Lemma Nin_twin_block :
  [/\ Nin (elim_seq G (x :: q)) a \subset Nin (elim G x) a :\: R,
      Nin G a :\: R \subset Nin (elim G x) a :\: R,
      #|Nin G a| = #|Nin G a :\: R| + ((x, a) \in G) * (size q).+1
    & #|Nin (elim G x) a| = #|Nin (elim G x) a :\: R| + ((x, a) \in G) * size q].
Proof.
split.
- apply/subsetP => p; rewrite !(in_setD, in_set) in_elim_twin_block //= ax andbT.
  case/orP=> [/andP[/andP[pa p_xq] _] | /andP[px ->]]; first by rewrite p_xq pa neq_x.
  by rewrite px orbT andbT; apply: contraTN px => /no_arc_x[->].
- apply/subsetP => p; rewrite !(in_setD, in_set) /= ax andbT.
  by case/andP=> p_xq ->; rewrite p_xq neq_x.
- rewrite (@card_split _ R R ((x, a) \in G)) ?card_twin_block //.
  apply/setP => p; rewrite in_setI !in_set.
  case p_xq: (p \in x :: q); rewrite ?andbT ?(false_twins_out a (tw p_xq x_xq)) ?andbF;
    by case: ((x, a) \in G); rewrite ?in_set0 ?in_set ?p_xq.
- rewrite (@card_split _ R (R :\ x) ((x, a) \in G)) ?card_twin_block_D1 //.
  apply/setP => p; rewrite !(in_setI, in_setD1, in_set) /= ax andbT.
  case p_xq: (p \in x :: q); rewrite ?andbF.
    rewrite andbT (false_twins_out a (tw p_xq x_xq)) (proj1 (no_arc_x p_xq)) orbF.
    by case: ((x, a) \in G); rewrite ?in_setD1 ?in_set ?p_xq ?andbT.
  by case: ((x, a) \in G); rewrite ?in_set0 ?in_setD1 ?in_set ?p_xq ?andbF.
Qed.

※

What you should do
Starting with the line that contains "- rewrite (@card_split _ R R", output every line through the end of the listing above, unchanged.

Your solution
- rewrite (@card_split _ R R ((x, a) \in G)) ?card_twin_block //.
  apply/setP => p; rewrite in_setI !in_set.
  case p_xq: (p \in x :: q); rewrite ?andbT ?(false_twins_out a (tw p_xq x_xq)) ?andbF;
    by case: ((x, a) \in G); rewrite ?in_set0 ?in_set ?p_xq.
- rewrite (@card_split _ R (R :\ x) ((x, a) \in G)) ?card_twin_block_D1 //.
  apply/setP => p; rewrite !(in_setI, in_setD1, in_set) /= ax andbT.
  case p_xq: (p \in x :: q); rewrite ?andbF.
    rewrite andbT (false_twins_out a (tw p_xq x_xq)) (proj1 (no_arc_x p_xq)) orbF.
    by case: ((x, a) \in G); rewrite ?in_setD1 ?in_set ?p_xq ?andbT.
  by case: ((x, a) \in G); rewrite ?in_set0 ?in_setD1 ?in_set ?p_xq ?andbF.
Qed.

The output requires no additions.